*Work order*
Restate verbatim the span of lines below between the line with "Section Cone." and the line with "Section HomogenizedCones.", including those two lines, and only that span.

╭──

(* Let $|\Psi\rangle$ be any pure single-qubit non-stabilizer state whose density matrix lies in the set $P_Y$. Then any $\omega$-witness $|\omega\rangle$ achieving $|\langle\Psi|\omega\rangle|^2=\xi(\Psi)$ satisfies $$|\omega\rangle\langle\omega|=\frac{I+qH+\sqrt{1-q^2}\,Y}{1+q/\sqrt2},\qquad H=(X+Z)/\sqrt2,$$ for some $q$ with $\sqrt{2/3}\le q\le1$. Furthermore, if $|\Psi\rangle\langle\Psi|$ is in $P_Y\cap P_X$ or in $P_Y\cap P_Z$, then $q=\sqrt{2/3}$, i.e. $$|\omega\rangle\langle\omega|=\frac{I+(X+Y+Z)/\sqrt3}{1+1/\sqrt3}.$$
   Context: $X,Y,Z$ are the Pauli matrices; the single-qubit pure stabilizer states are $|0\rangle,|1\rangle,|\pm\rangle,|\pm_i\rangle$. An $\omega$-witness is a vector $|\omega\rangle\in\mathbb C^2$ with $|\langle\omega|\phi\rangle|\le1$ for all pure single-qubit stabilizer states $|\phi\rangle$; $\xi(\Psi)=\min\{\|c\|_1^2:|\Psi\rangle=\sum_jc_j|\phi_j\rangle,\ |\phi_j\rangle\text{ stabilizer}\}$. Writing $\langle M\rangle=\mathrm{Tr}[\rho M]$: the positive octant is $P=\{\rho:\langle X\rangle,\langle Y\rangle,\langle Z\rangle\ge0\}$, and $P_X=\{\rho\in P:\langle X\rangle\le\langle Y\rangle,\ \langle X\rangle\le\langle Z\rangle\}$, $P_Y=\{\rho\in P:\langle Y\rangle\le\langle X\rangle,\ \langle Y\rangle\le\langle Z\rangle\}$, $P_Z=\{\rho\in P:\langle Z\rangle\le\langle X\rangle,\ \langle Z\rangle\le\langle Y\rangle\}$. *)

From HB Require Import structures.
From mathcomp Require Import all_boot all_order all_algebra.
From mathcomp Require Import complex.
Set Implicit Arguments. Unset Strict Implicit. Unset Printing Implicit Defensive.
Import Order.TTheory GRing.Theory Num.Theory.
Import ComplexField Normc.
Local Open Scope ring_scope.
Local Open Scope complex_scope.

Section Qubit.
Variable R : rcfType.
Local Notation C := R[i].

Definition cabs (z : C) : R := normc z.

Definition vec2 (a b : C) : 'cV[C]_2 :=
  \col_(i < 2) (if val i == 0%N then a else b).

Definition mat2 (a b c d : C) : 'M[C]_2 :=
  \matrix_(i < 2, j < 2)
    (if val i == 0%N then (if val j == 0%N then a else b)
     else (if val j == 0%N then c else d)).

Definition PX : 'M[C]_2 := mat2 0 1 1 0.
Definition PY : 'M[C]_2 := mat2 0 (- 'i) 'i 0.
Definition PZ : 'M[C]_2 := mat2 1 0 0 (-1).

Definition adj (v : 'cV[C]_2) : 'rV[C]_2 := (map_mx (@conjc R) v)^T.
Definition braket (u v : 'cV[C]_2) : C := (adj u *m v) 0 0.
Definition proj (v : 'cV[C]_2) : 'M[C]_2 := v *m adj v.

Definition isr2 : C := (Num.sqrt (2 : R))^-1%:C.
Definition stab (k : 'I_6) : 'cV[C]_2 :=
  match val k with
  | 0 => vec2 1 0
  | 1 => vec2 0 1
  | 2 => isr2 *: vec2 1 1
  | 3 => isr2 *: vec2 1 (-1)
  | 4 => isr2 *: vec2 1 'i
  | _ => isr2 *: vec2 1 (- 'i)
  end.

Definition is_stab (v : 'cV[C]_2) : Prop :=
  exists (k : 'I_6) (u : C), cabs u = 1 /\ v = u *: stab k.

Definition is_witness (w : 'cV[C]_2) : Prop :=
  forall phi, is_stab phi -> cabs (braket w phi) <= 1.

Definition is_decomp (psi : 'cV[C]_2) (s : seq (C * 'cV[C]_2)) : Prop :=
  (forall p, p \in s -> is_stab p.2) /\ psi = \sum_(p <- s) p.1 *: p.2.

Definition cost (s : seq (C * 'cV[C]_2)) : R := (\sum_(p <- s) cabs p.1) ^+ 2.

Definition xi_is (psi : 'cV[C]_2) (r : R) : Prop :=
  (exists s, is_decomp psi s /\ cost s = r) /\
  (forall s, is_decomp psi s -> r <= cost s).

(* <M> = Tr[rho M] (real for Hermitian rho, M) *)
Definition ev (rho M : 'M[C]_2) : R := complex.Re (\tr (rho *m M)).

Definition inP (rho : 'M[C]_2) : Prop :=
  0 <= ev rho PX /\ 0 <= ev rho PY /\ 0 <= ev rho PZ.
Definition inPX (rho : 'M[C]_2) : Prop :=
  inP rho /\ ev rho PX <= ev rho PY /\ ev rho PX <= ev rho PZ.
Definition inPY (rho : 'M[C]_2) : Prop :=
  inP rho /\ ev rho PY <= ev rho PX /\ ev rho PY <= ev rho PZ.
Definition inPZ (rho : 'M[C]_2) : Prop :=
  inP rho /\ ev rho PZ <= ev rho PX /\ ev rho PZ <= ev rho PY.

Definition PH : 'M[C]_2 := isr2 *: (PX + PZ).

Definition omega_q (q : R) : 'M[C]_2 :=
  ((1 + q / Num.sqrt 2)^-1)%:C *:
    (1%:M + q%:C *: PH + (Num.sqrt (1 - q ^+ 2))%:C *: PY).

Definition omega_sym : 'M[C]_2 :=
  ((1 + (Num.sqrt 3)^-1)^-1)%:C *:
    (1%:M + ((Num.sqrt (3 : R))^-1)%:C *: (PX + PY + PZ)).

End Qubit.

From HB Require Import structures.
From mathcomp Require Import all_boot all_order all_algebra.
From mathcomp Require Import complex.
From mathcomp Require Import ring lra.
Import Order.TTheory GRing.Theory Num.Theory.
Import ComplexField Normc.
Local Open Scope ring_scope.
Local Open Scope complex_scope.
Set Implicit Arguments. Unset Strict Implicit. Unset Printing Implicit Defensive.

(* Describe a vector w by its squared norm n and the expectations
   r = (<X>, <Y>, <Z>) in w, so that |r| = n, |w><w| = (n I + r.sigma) / 2 and
   2 |<w|phi>|^2 = n n' + r.r' for another vector phi with data (n', r').
   Testing against the six stabilizer states, w is an omega-witness iff
   n + |r_i| <= 2 for each i.  By the triangle inequality |<w|psi>| <= ||c||_1
   for every witness and every stabilizer decomposition of psi, so a witness
   with |<psi|omega>|^2 = xi(psi) maximises n + r.p over all witnesses, p being
   the Bloch vector of psi.  For p in P_Y and psi not a stabilizer state,
   p_x + p_z > 1, and explicit Lagrange multipliers show that every maximiser
   has r = n (a, b, a) with 0 <= b <= a and n + r_x = 2, where b = a if
   p_y = p_x or p_y = p_z.  This is the claimed projector, with
   q = sqrt 2 r_x / n. *)

Section WitnessProgram.
Variable R : rcfType.

Lemma sqr3_eq0 (a b c : R) : a ^+ 2 + b ^+ 2 + c ^+ 2 = 0 -> [/\ a = 0, b = 0 & c = 0].
Proof.
move=> h; have := sqr_ge0 a; have := sqr_ge0 b; have := sqr_ge0 c => *.
by split; apply/eqP; rewrite -sqrf_eq0 eq_le sqr_ge0 andbT; lra.
Qed.

Lemma addr_norm_le (a b x : R) : (a + `|x| <= b) = (a + x <= b) && (a - x <= b).
Proof.
have [x0|x0] := leP 0 x; [rewrite ger0_norm // | rewrite ltr0_norm //].
all: by apply/idP/andP => [h|[]]; [split|]; lra.
Qed.

Lemma dot_le_norm (n x y z dx dy dz : R) : 0 <= n ->
  x ^+ 2 + y ^+ 2 + z ^+ 2 = n ^+ 2 -> dx ^+ 2 + dy ^+ 2 + dz ^+ 2 = 1 ->
  x * dx + y * dy + z * dz <= n.
Proof.
move=> n0 hr hd.
have lagrange : (x * dx + y * dy + z * dz) ^+ 2 + ((x * dy - y * dx) ^+ 2
    + (x * dz - z * dx) ^+ 2 + (y * dz - z * dy) ^+ 2) = n ^+ 2.
  by rewrite -[n ^+ 2]mulr1 -hd -hr; ring.
have := sqr_ge0 (x * dy - y * dx); have := sqr_ge0 (x * dz - z * dx).
have := sqr_ge0 (y * dz - z * dy); nra.
Qed.
(* Let $A$ be a $d\times n$ integer matrix with columns $\underline a_1,\dots,\underline a_n$, put $\underline a_0=0$, and let $\widetilde A$ be the $(d+1)\times(n+1)$ matrix with columns $(1,\underline a_i)$, $i=0,\dots,n$. Assume $\mathbb{Z}\widetilde A=\mathbb{Z}^{d+1}$, $\mathbb{N}\widetilde A=\mathbb{Z}^{d+1}\cap\mathbb{R}_{\geq0}\widetilde A$, and $\mathrm{int}(\mathbb{N}\widetilde A)=\mathbb{N}\widetilde A+\widetilde c$ for some $\widetilde c\in\mathbb{N}\widetilde A$. For $u\in\{0,\dots,n\}$ let $A_u$ be the $d\times n$ matrix with columns $\underline a_i-\underline a_u$, $i\in\{0,\dots,n\}\setminus\{u\}$. Then (1) $\mathbb{Z}A_u=\mathbb{Z}^d$; (2) $\mathbb{N}A_u=\mathbb{Z}^d\cap\mathbb{R}_{\geq0}A_u$; (3) $\mathrm{int}(\mathbb{N}A_u)=\mathbb{N}A_u+c$ for some $c\in\mathbb{N}A_u$.
   Context: For an integer matrix $M$ with $m$ rows, $\mathbb{Z}M$, $\mathbb{N}M$, $\mathbb{R}_{\ge0}M$ denote the group, semigroup and real cone generated by its columns, and $\mathrm{int}(\mathbb{N}M)=\mathbb{Z}^m\cap(\mathbb{R}_{\geq0}M)^\circ$ with $(\cdot)^\circ$ the topological interior. *)

From HB Require Import structures.
From mathcomp Require Import all_boot all_order all_algebra.
From mathcomp Require Import reals.
Set Implicit Arguments. Unset Strict Implicit. Unset Printing Implicit Defensive.
Import Order.TTheory GRing.Theory Num.Theory.
Local Open Scope ring_scope.

Definition Zgen m n (M : 'M[int]_(m, n)) (x : 'cV[int]_m) : Prop :=
  exists l : 'cV[int]_n, x = M *m l.

Definition Ngen m n (M : 'M[int]_(m, n)) (x : 'cV[int]_m) : Prop :=
  exists l : 'cV[int]_n, (forall j, 0 <= l j 0) /\ x = M *m l.

Definition Rcone (R : realType) m n (M : 'M[int]_(m, n)) (x : 'cV[R]_m) : Prop :=
  exists l : 'cV[R]_n, (forall j, 0 <= l j 0) /\ x = map_mx (fun z : int => z%:~R) M *m l.

Arguments Rcone R {m n} M x.

(* topological interior in R^m (product = sup-norm topology) *)
Definition interior_pt (R : realType) m (S : 'cV[R]_m -> Prop) (x : 'cV[R]_m) : Prop :=
  exists e : R, 0 < e /\ forall y : 'cV[R]_m, (forall i, `|y i 0 - x i 0| < e) -> S y.

(* int(NM) = Z^m ∩ (R_{>=0} M)° *)
Definition intN (R : realType) m n (M : 'M[int]_(m, n)) (x : 'cV[int]_m) : Prop :=
  interior_pt (Rcone R M) (map_mx (fun z : int => z%:~R) x).

Definition gen_Zm m n (M : 'M[int]_(m, n)) : Prop := forall x, Zgen M x.
Definition normal_sat (R : realType) m n (M : 'M[int]_(m, n)) : Prop :=
  forall x, Ngen M x <-> Rcone R M (map_mx (fun z : int => z%:~R) x).
Definition gorenstein_like (R : realType) m n (M : 'M[int]_(m, n)) : Prop :=
  exists c, Ngen M c /\ forall x, intN R M x <-> exists y, Ngen M y /\ x = y + c.

Definition Abar d n (A : 'M[int]_(d, n)) : 'M[int]_(d, 1 + n) := row_mx 0 A.

Definition Atilde d n (A : 'M[int]_(d, n)) : 'M[int]_(1 + d, 1 + n) :=
  col_mx (const_mx 1) (Abar A).

Definition Au d n (A : 'M[int]_(d, n)) (u : 'I_(1 + n)) : 'M[int]_(d, n) :=
  \matrix_(k, j) (Abar A k (lift u j) - Abar A k u).

(* The map (t, y) |-> y - t a_u sends each column (1, a_i) of tilde A to the
   column a_i - a_u of A_u (and (1, a_u) to 0), and x |-> (t, x + t a_u) is a
   section of it for every t.  A nonnegative combination l of the columns of A_u
   lifts to one of tilde A by giving (1, a_u) the coefficient t - sum l, so
   generation, saturation and the interior all descend from tilde A to A_u.  The
   one analytic point is that the lift of an interior point x of R_{>=0} A_u is
   interior in R_{>=0} tilde A as soon as t exceeds a bound on the coefficient
   sums of representations of all points near x; such a bound exists because
   every point near x is a convex combination of x and the vertices x +- δ e_i
   of a cross-polytope inside the cone. *)

From HB Require Import structures.
From mathcomp Require Import all_boot all_order all_algebra.
From mathcomp Require Import reals.
From mathcomp Require Import ring lra.
Set Implicit Arguments. Unset Strict Implicit. Unset Printing Implicit Defensive.
Import Order.TTheory GRing.Theory Num.Theory.
Local Open Scope ring_scope.

(* [homog (Abar A)] and [recenter (Abar A) u] are [Atilde A] and [Au A u]. *)
Section Homogenization.
Variables (K : comNzRingType) (d n : nat) (M : 'M[K]_(d, 1 + n)) (u : 'I_(1 + n)).

Definition homog : 'M[K]_(1 + d, 1 + n) := col_mx (const_mx 1) M.
Definition recenter : 'M[K]_(d, n) := \matrix_(k, j) (M k (lift u j) - M k u).
Definition dehomog (X : 'cV[K]_(1 + d)) : 'cV[K]_d := dsubmx X - usubmx X 0 0 *: col u M.
Definition rehomog (t : K) (x : 'cV[K]_d) : 'cV[K]_(1 + d) := col_mx t%:M (x + t *: col u M).
Definition fill_sum (t : K) (l : 'cV[K]_n) : 'cV[K]_(1 + n) :=
  \col_i (if unlift u i is Some j then l j 0 else t - \sum_j l j 0).

Lemma homog_mul L : homog *m L = col_mx (\sum_i L i 0)%:M (M *m L).
Proof.
rewrite mul_col_mx; congr col_mx; apply/matrixP => i j.
by rewrite (ord1 i) (ord1 j) !mxE; apply: eq_bigr => k _; rewrite mxE mul1r.
Qed.

Lemma recenter_mul L : recenter *m row' u L = M *m L - (\sum_i L i 0) *: col u M.
Proof.
apply/matrixP => k j; rewrite (ord1 j) !mxE (bigD1_ord u) //= (bigD1_ord u) //=.
under eq_bigr do rewrite !mxE mulrBl.
by rewrite sumrB -mulr_sumr; ring.
Qed.

Lemma dehomog_homog_mul L : dehomog (homog *m L) = recenter *m row' u L.
Proof. by rewrite recenter_mul homog_mul /dehomog col_mxKu col_mxKd mxE mulr1n. Qed.

Lemma dehomog_rehomog t x : dehomog (rehomog t x) = x.
Proof. by rewrite /dehomog col_mxKu col_mxKd mxE mulr1n addrK. Qed.

Lemma rehomog_dehomog X : rehomog (usubmx X 0 0) (dehomog X) = X.
Proof. by rewrite /rehomog /dehomog subrK -mx11_scalar vsubmxK. Qed.

Lemma dehomogD X Y : dehomog (X + Y) = dehomog X + dehomog Y.
Proof.
rewrite /dehomog linearD /= [usubmx (X + Y)]linearD /= mxE scalerDl.
by rewrite opprD addrACA.
Qed.

Lemma sum_fill_sum t l : \sum_i fill_sum t l i 0 = t.
Proof.
rewrite (bigD1_ord u) //= mxE unlift_none.
by under eq_bigr do rewrite mxE liftK; rewrite subrK.
Qed.

Lemma row'_fill_sum t l : row' u (fill_sum t l) = l.
Proof. by apply/matrixP => j k; rewrite !mxE liftK (ord1 k). Qed.

Lemma homog_mul_fill_sum t l : homog *m fill_sum t l = rehomog t (recenter *m l).
Proof.
rewrite homog_mul sum_fill_sum; congr col_mx.
by rewrite -{2}(row'_fill_sum t l) recenter_mul sum_fill_sum subrK.
Qed.

End Homogenization.

Section MapHomogenization.
Variables (K K' : comNzRingType) (f : {rmorphism K -> K'}).
Variables (d n : nat) (M : 'M[K]_(d, 1 + n)) (u : 'I_(1 + n)).

Lemma map_homog : map_mx f (homog M) = homog (map_mx f M).
Proof. by rewrite map_col_mx map_const_mx rmorph1. Qed.

Lemma map_recenter : map_mx f (recenter M u) = recenter (map_mx f M) u.
Proof. by apply/matrixP => i j; rewrite !mxE rmorphB. Qed.

Lemma map_dehomog X : map_mx f (dehomog M u X) = dehomog (map_mx f M) u (map_mx f X).
Proof. by apply/matrixP => i j; rewrite !mxE rmorphB rmorphM. Qed.

Lemma map_rehomog t x :
  map_mx f (rehomog M u t x) = rehomog (map_mx f M) u (f t) (map_mx f x).
Proof.
by rewrite map_col_mx; congr col_mx; apply/matrixP => i j;
  rewrite !mxE ?rmorphMn ?rmorphD ?rmorphM.
Qed.

End MapHomogenization.

Section Cone.
Variables (K : numDomainType) (m n : nat) (B : 'M[K]_(m, n)).

Definition cone (x : 'cV[K]_m) : Prop :=
  exists l : 'cV[K]_n, (forall j, 0 <= l j 0) /\ x = B *m l.

Definition bounded_cone (s : K) (x : 'cV[K]_m) : Prop :=
  exists l : 'cV[K]_n, [/\ forall j, 0 <= l j 0, x = B *m l & \sum_j l j 0 <= s].

Lemma cone_bounded_cone x : cone x -> exists s, bounded_cone s x.
Proof. by case=> l [l0 ->]; exists (\sum_j l j 0), l. Qed.

Lemma bounded_cone_ge0 s x : bounded_cone s x -> 0 <= s.
Proof. by case=> l [l0 _]; apply: le_trans; apply: sumr_ge0. Qed.

Lemma bounded_cone_le s s' x : s <= s' -> bounded_cone s x -> bounded_cone s' x.
Proof. by move=> ss' [l [l0 -> ls]]; exists l; split=> //; apply: le_trans ss'. Qed.

Lemma bounded_cone0 : bounded_cone 0 0.
Proof.
by exists 0; split=> [j||]; rewrite ?mxE ?mulmx0 // big1 // => j _; rewrite mxE.
Qed.

Lemma bounded_coneD s1 s2 x1 x2 :
  bounded_cone s1 x1 -> bounded_cone s2 x2 -> bounded_cone (s1 + s2) (x1 + x2).
Proof.
case=> l1 [l10 -> ls1] [l2 [l20 -> ls2]]; exists (l1 + l2); split.
- by move=> j; rewrite mxE addr_ge0.
- by rewrite mulmxDr.
- by under eq_bigr do rewrite mxE; rewrite big_split lerD.
Qed.

Lemma bounded_coneZ c s x : 0 <= c -> bounded_cone s x -> bounded_cone (c * s) (c *: x).
Proof.
move=> c0 [l [l0 -> ls]]; exists (c *: l); split.
- by move=> j; rewrite mxE mulr_ge0.
- by rewrite scalemxAr.
- by under eq_bigr do rewrite mxE; rewrite -mulr_sumr ler_wpM2l.
Qed.

Lemma bounded_cone_sum (I : finType) (s : I -> K) (x : I -> 'cV[K]_m) :
  (forall i, bounded_cone (s i) (x i)) -> bounded_cone (\sum_i s i) (\sum_i x i).
Proof.
move=> sx; apply: (big_ind2 bounded_cone) => //; first exact: bounded_cone0.
by move=> s1 x1 s2 x2; apply: bounded_coneD.
Qed.

Lemma cone_common_bound (I : finType) (x : I -> 'cV[K]_m) :
  (forall i, cone (x i)) -> exists s, forall i, bounded_cone s (x i).
Proof.
move=> cx; have [s sx] := fin_all_exists (fun i => cone_bounded_cone (cx i)).
exists (\sum_i s i) => i; apply: bounded_cone_le (sx i).
by rewrite (bigD1 i) //= lerDl sumr_ge0 // => k _; apply: bounded_cone_ge0 (sx k).
Qed.

End Cone.

Section HomogenizedCones.
Variables (K : numDomainType) (d n : nat) (M : 'M[K]_(d, 1 + n)) (u : 'I_(1 + n)).

Lemma cone_dehomog X : cone (homog M) X -> cone (recenter M u) (dehomog M u X).
Proof.
case=> L [L0 ->]; exists (row' u L); split; first by move=> j; rewrite mxE.
by rewrite dehomog_homog_mul.
Qed.

Lemma cone_rehomog t x : bounded_cone (recenter M u) t x -> cone (homog M) (rehomog M u t x).
Proof.
case=> l [l0 -> l_le]; exists (fill_sum u t l); split; last by rewrite homog_mul_fill_sum.
by move=> i; rewrite mxE; case: unlift => [j|] //; rewrite subr_ge0.
Qed.

End HomogenizedCones.

Lemma Zgen_dehomog d n (M : 'M[int]_(d, 1 + n)) u X :
  Zgen (homog M) X -> Zgen (recenter M u) (dehomog M u X).
Proof. by case=> L ->; exists (row' u L); rewrite dehomog_homog_mul. Qed.

Lemma cross_polytope_decomp (K : comNzRingType) m (x w : 'cV[K]_m) (β v : 'I_m -> K) :
  (forall i, β i * v i = w i 0) ->
  x + w = (1 - \sum_i β i) *: x + \sum_i β i *: (x + v i *: delta_mx i 0).
Proof.
move=> βv; have -> : \sum_i β i *: (x + v i *: delta_mx i 0) = (\sum_i β i) *: x + w.
  under eq_bigr do rewrite scalerDr scalerA βv.
  rewrite big_split /= -scaler_suml {2}(matrix_sum_delta w); congr (_ + _).
  by apply: eq_bigr => i _; rewrite big_ord1.
by rewrite addrA -scalerDl subrK scale1r.
Qed.

Section Interior.
Variable R : realType.

Lemma interior_bounded_cone m n (B : 'M[R]_(m, n)) x : interior_pt (cone B) x ->
  exists s e : R, 0 < e /\
    forall z : 'cV_m, (forall i, `|z i 0 - x i 0| < e) -> bounded_cone B s z.
Proof.
case=> e0 [e0_gt0 int_x]; pose δ := e0 / 2.
have δ_gt0 : 0 < δ by rewrite divr_gt0.
pose sδ (b : bool) := if b then δ else - δ.
pose vertex (p : option ('I_m * bool)) :=
  if p is Some (i, b) then x + sδ b *: delta_mx i 0 else x.
have [s vertex_s] : exists s, forall p, bounded_cone B s (vertex p).
  apply: cone_common_bound => -[[i b]|] /=; apply: int_x => k; last by rewrite subrr normr0.
  rewrite !mxE addrAC subrr add0r normrM.
  have : `|sδ b| < e0 by rewrite /sδ; case: b; rewrite ?normrN gtr0_norm /δ //; lra.
  by rewrite andbT; case: (k == i); rewrite ?normr1 ?mulr1 // normr0 mulr0.
exists s, (δ / m.+1%:R); split=> [|z near_z]; first by rewrite divr_gt0.
pose w := z - x; pose β i := `|w i 0| / δ.
have β_ge0 i : 0 <= β i by rewrite divr_ge0 // ltW.
have β_sign i : β i * sδ (0 <= w i 0) = w i 0.
  rewrite /β /sδ; case: ifPn => [/ger0_norm-> | /negbTE w_lt0].
    by rewrite mulfVK ?gt_eqF.
  by rewrite ltr0_norm ?ltNge ?w_lt0 // mulNr mulrNN mulfVK ?gt_eqF.
have β_le i : β i <= (m.+1%:R)^-1.
  by rewrite ler_pdivrMr // mulrC !mxE ltW // near_z.
have sum_β_le1 : \sum_i β i <= 1.
  apply: (le_trans (ler_sum _ (fun i _ => β_le i))).
  rewrite sumr_const card_ord -[X in X <= _]mulr_natr mulrC.
  by rewrite ler_pdivrMr ?ltr0Sn // mul1r ler_nat.
have -> : z = x + w by rewrite addrC subrK.
rewrite (cross_polytope_decomp x β_sign).
apply: (bounded_cone_le (s := (1 - \sum_i β i) * s + \sum_i β i * s)).
  by rewrite -mulr_suml -mulrDl subrK mul1r.
have α_ge0 : 0 <= 1 - \sum_i β i by rewrite subr_ge0.
apply: bounded_coneD; first exact: bounded_coneZ α_ge0 (vertex_s None).
apply: (bounded_cone_sum (s := fun i => β i * s)) => i.
exact: bounded_coneZ (β_ge0 i) (vertex_s (Some (i, 0 <= w i 0))).
Qed.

╰──

*Output for this exercise*
Section Cone.
Variables (K : numDomainType) (m n : nat) (B : 'M[K]_(m, n)).

Definition cone (x : 'cV[K]_m) : Prop :=
  exists l : 'cV[K]_n, (forall j, 0 <= l j 0) /\ x = B *m l.

Definition bounded_cone (s : K) (x : 'cV[K]_m) : Prop :=
  exists l : 'cV[K]_n, [/\ forall j, 0 <= l j 0, x = B *m l & \sum_j l j 0 <= s].

Lemma cone_bounded_cone x : cone x -> exists s, bounded_cone s x.
Proof. by case=> l [l0 ->]; exists (\sum_j l j 0), l. Qed.

Lemma bounded_cone_ge0 s x : bounded_cone s x -> 0 <= s.
Proof. by case=> l [l0 _]; apply: le_trans; apply: sumr_ge0. Qed.

Lemma bounded_cone_le s s' x : s <= s' -> bounded_cone s x -> bounded_cone s' x.
Proof. by move=> ss' [l [l0 -> ls]]; exists l; split=> //; apply: le_trans ss'. Qed.

Lemma bounded_cone0 : bounded_cone 0 0.
Proof.
by exists 0; split=> [j||]; rewrite ?mxE ?mulmx0 // big1 // => j _; rewrite mxE.
Qed.

Lemma bounded_coneD s1 s2 x1 x2 :
  bounded_cone s1 x1 -> bounded_cone s2 x2 -> bounded_cone (s1 + s2) (x1 + x2).
Proof.
case=> l1 [l10 -> ls1] [l2 [l20 -> ls2]]; exists (l1 + l2); split.
- by move=> j; rewrite mxE addr_ge0.
- by rewrite mulmxDr.
- by under eq_bigr do rewrite mxE; rewrite big_split lerD.
Qed.

Lemma bounded_coneZ c s x : 0 <= c -> bounded_cone s x -> bounded_cone (c * s) (c *: x).
Proof.
move=> c0 [l [l0 -> ls]]; exists (c *: l); split.
- by move=> j; rewrite mxE mulr_ge0.
- by rewrite scalemxAr.
- by under eq_bigr do rewrite mxE; rewrite -mulr_sumr ler_wpM2l.
Qed.

Lemma bounded_cone_sum (I : finType) (s : I -> K) (x : I -> 'cV[K]_m) :
  (forall i, bounded_cone (s i) (x i)) -> bounded_cone (\sum_i s i) (\sum_i x i).
Proof.
move=> sx; apply: (big_ind2 bounded_cone) => //; first exact: bounded_cone0.
by move=> s1 x1 s2 x2; apply: bounded_coneD.
Qed.

Lemma cone_common_bound (I : finType) (x : I -> 'cV[K]_m) :
  (forall i, cone (x i)) -> exists s, forall i, bounded_cone s (x i).
Proof.
move=> cx; have [s sx] := fin_all_exists (fun i => cone_bounded_cone (cx i)).
exists (\sum_i s i) => i; apply: bounded_cone_le (sx i).
by rewrite (bigD1 i) //= lerDl sumr_ge0 // => k _; apply: bounded_cone_ge0 (sx k).
Qed.

End Cone.

Section HomogenizedCones.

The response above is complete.